In Hong Kong perpendicularism is an uninterrupted attitude affecting people and concrete structures alike. The feeling continues when looking up at the IFC Tower, all of 415 m, or watching ‘just legs’ walk past. They are not ‘fat legs’, ‘chicken legs’ ‘duck legs’ or whatever other name one can give to legs, but, slim ones leading up to a slimmer torso and face.
I remember the first day (2008), strolling around Tsim Sha Tsui, Kowloon, my reaction was ‘but everyone is so thin’ and tried to wrap myself in my wispy scarf. From then on I decided to wear Kurtis, loose-fitting long tops, to feel better. Most Indian women, or for that matter residents from the sub-continent, the matronly and non matronly, wear the shalwar kameez (tunics with loose pants) depending on age group and hoping to blend in with the crowds.

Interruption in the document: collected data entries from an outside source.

Lemma pi_sP (F : PP) : fischer_decomp F (pi_s F).
Proof.
apply: epsilon_spec; have [N [Hf [bHf F_eq]]] := fischer_expansion_all F.
by exists (Hf 0%N 0%N), N, Hf; split; last split; last exact: F_eq.
Qed.

Lemma fischer_decomp_fischer (F H Q : PP) : fischer_decomp F H -> biharmonic Q ->
  fischer F Q = fischer H Q.
Proof.
move=> [N [Hf [_ [-> ->]]]] [Qx Qu].
rewrite fischer_suml big_ord_recl fischer_suml big_ord_recl /=.
rewrite [X in _ + X + _ = _]big1 ?addr0 => [|j _]; last first.
  by rewrite expr0 mul1r exprS -mulrA fischer_normu2M Qu fischer0r.
rewrite big1 ?addr0 ?expr0 ?mul1r // => i _; rewrite fischer_suml big1 // => j _.
by rewrite exprS -!mulrA fischer_normx2M Qx fischer0r.
Qed.

Lemma fischer_pi_sl (F Q : PP) : biharmonic Q -> fischer (pi_s F) Q = fischer F Q.
Proof. by move=> bQ; rewrite (fischer_decomp_fischer (pi_sP F) bQ). Qed.

Lemma fischer_pi_sr (P F : PP) : biharmonic P -> fischer P (pi_s F) = fischer P F.
Proof. by move=> bP; rewrite fischerC fischer_pi_sl // -fischerC. Qed.

Lemma fischer_C_opl (P Q : PP) : biharmonic P -> biharmonic Q ->
  fischer (C_op P) Q = fischer P (A_op Q).
Proof.
move=> bP bQ; rewrite fischer_pi_sl // fischer_pi_sr // /mul_ux /ux mulr_suml.
rewrite fischer_suml fischer_sumr; apply: eq_bigr => j _.
by rewrite -mulrA !fischer_mulX mderiv_comm.
Qed.

Lemma fischer_S_ul (P Q : PP) : biharmonic P -> biharmonic Q ->
  fischer (S_u P) Q = fischer P (S_x Q).
Proof.
move=> bP bQ; rewrite fischer_pi_sl // fischer_pi_sr //.
rewrite fischer_suml fischer_sumr; apply: eq_bigr => j _.
by rewrite fischer_mulX [RHS]fischerC fischer_mulX -fischerC.
Qed.

End FischerDecomposition.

There was no escaping from ‘thin’ forms because you are bush wacked with print and audio/video advertisements about slimming techniques and cremes. Walk into any health club or gym to find a wasp-waisted figure pounding the treadmill with all her will power. “Lady you do not need it.”
From people to buildings it does take time getting adjusted to height and weight problems. Three years on and I still have to see the frontal full façade of any building. I am a proud pointer of Bank of China, the landmark HSBC building, the IFC Tower and others from a distance but get closer and the areas resemble Lego land connected via numerable vertical, horizontal or subterranean walkways and escalators.
But then there is no need to look up but straight ahead, accompanying the conscientious junta on its numerable errands.